It would be a logistical, technical and security nightmare to change venues at such (comparatively) short notice, now some fifty days out, and as various bemused media outlets have itemized, the litany of potential snags is a mile high (weather, crowd control, transportation of delegates, ticketing).

But the potential payoff of such a stunt—an enormous, rabid crowd in a critical swing state with shots of a sunset over the Rockies—may be too big to ignore for a campaign that has perpetually set its sights on the political stratosphere.

The move isn’t entirely without precedent. In 1960, JFK moved his speech from the Los Angeles Memorial Sports Arena to the Memorial Coliseum, the 90,000-seat monstrosity variously home to the 1932 and 1984 Olympics, LA Rams, Dodgers, USC Trojans, UCLA Bruins and every TV commercial requiring a stadium.

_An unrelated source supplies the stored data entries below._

Lemma ramanujan_sum_prime : e = 1%N -> \sum_(x <- s) psi (eps1 * x) = -1.
Proof.
move=> e1; have q0 := prime_power_neq0 e Hp He2.
have ncong0 y : y \in s -> ~ congO q 0 y.
  move=> /rrs_ndvd[_ npy] /(congO_dvd (dvdO_prime_power Hp He2 He)).
  by rewrite /congO sub0r => /dvdON; rewrite opprK.
have crs : complete_residue_system q (0 :: s).
  split=> [|x|x y|z iz].
  - by rewrite /= (rrs_uniq Hs) andbT; apply/negP => /ncong0; apply; exact: congO_refl.
  - by rewrite inE => /predU1P[->|/rrs_ndvd[]//]; exact: inO0.
  - rewrite !inE => /predU1P[->|xs] /predU1P[->|ys] //.
    + by move/ncong0.
    + by move/congO_sym/ncong0.
    + exact: (rrs_congO_eq Hs xs ys).
  - have [pz|npz] := pselect (dvdO p z).
      by exists 0; rewrite ?mem_head // /congO subr0 e1 expr1; exact: dvdO_unitl.
    by have [y ys zy] := rrs_cover iz npz; exists y; rewrite ?inE ?ys ?orbT.
have nq_eps1 : ~ dvdO q eps1.
  by move/(dvdO_trans (dvdO_prime_power Hp He2 He)); exact: prime_elt_ndvd_unit.
have := sum_add_char_eq0 R Hdelta q0 crs He1.1 nq_eps1.
rewrite big_cons mulr0 (add_char_dvd R Hdelta q0 (dvdO0 q)).
by move/eqP; rewrite addrC addr_eq0 => /eqP.
Qed.

Lemma kloosterman_prime : e = 1%N ->
  \sum_(x <- s) psi (eps1 * x) * psi (r * inv x) = -1.
Proof.
move=> e1; rewrite -(ramanujan_sum_prime e1); apply: eq_big_seq => x xs.
rewrite [X in _ * X](add_char_dvd R Hdelta (prime_power_neq0 e Hp He2)) ?mulr1 //.
by rewrite e1 expr1; apply: dvdO_unitl He2 _; exact: dvdOMr (Hinv xs).1 Hpr.
Qed.

Lemma kloosterman_term_shift q' t x y : q = q' * p -> inO q' -> inO t ->
  x \in s -> y \in s -> congO q ((1 + q' * t) * x) y ->
  psi (eps1 * y) * psi (r * inv y) =
  psi (eps1 * x) * psi (r * inv x) * psi (q' * (eps1 * x * t)).
Proof.
(* [y = x] modulo [q'], so [inv y = inv x] modulo [q'], and [p | r] lifts this
   to [r * inv y = r * inv x] modulo [q' * p = q]. *)
move=> Dq iq' it xs ys uxy; have q0 := prime_power_neq0 e Hp He2.
have [[ix _] [iy _]] := (rrs_ndvd xs, rrs_ndvd ys).
have q'_q : dvdO q' q by rewrite Dq; apply: dvdO_mulr; case: Hp.
have shift_eps1 : psi (eps1 * y) = psi (eps1 * x) * psi (q' * (eps1 * x * t)).
  rewrite -add_charD; apply: (add_char_congr R Hdelta q0).
  rewrite (_ : _ + _ = eps1 * ((1 + q' * t) * x)); last by ring.
  by apply: congOMl He1.1 _; exact: congO_sym.
have yx : congO q' y x.
  apply: congO_trans (congO_sym (congO_dvd q'_q uxy)) _.
  rewrite /congO (_ : _ - x = q' * (t * x)); last by ring.
  by apply: dvdO_mulr; exact: inOM.
have inv_yx : congO q' (inv y) (inv x).
  apply: congO_inv yx (congO_dvd q'_q (Hinv ys).2) (congO_dvd q'_q (Hinv xs).2).
    exact: (Hinv ys).1.
  exact: (Hinv xs).1.
rewrite shift_eps1 (add_char_congr R Hdelta q0 (_ : congO q (r * inv y) (r * inv x))).
  by rewrite mulrAC.
by rewrite Dq; exact: congOM_dvd.
Qed.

As a graduate of USC, I don’t mind saying that JFK’s move was an easier and choosier one. The Sports Arena is and has always been a loathsome place, full of dank recesses, sickening lighting and putrid, technicolored chairs that belie LA’s reputation for glitz and glamour. The background of the Coliseum, with its vaulted archways and lit Olympic torch, fit the bill for the Camelot ticket far better than rats and rainbow-nasty seats. No doubt the ease of the switch, understanding that Sports Arena and Coliseum are a two-minute walk apart, separated by a single street and served by the same parking lots, played a big part in the decision.

Denver in ’08 is a different story. The Pepsi Center—thankfully sans rats—and parking areas surrounding the arena have already been planned to the square foot for the news hordes descending upon the city. Invesco is close, but it isn’t that close, and few if any media outlets would be keen to build another set of staging areas and retrofitted skyboxes to cover what is the single most important event of the convention.

But for a campaign that’s showed its willingness to take a short-term hit for a long-term reward, including Obama’s recent decision to forego general election public financing that opened him up to flip-flop/conventional politics attacks but allows vast sums to be raised before November, this kind of grand, utterly improbable display of presentational might on the much-publicized 45th anniversary of Martin Luther King’s “I Have A Dream” speech is just the kind of knockout blow his faithful would love to see dull the start of the GOP rally in St. Paul the next week.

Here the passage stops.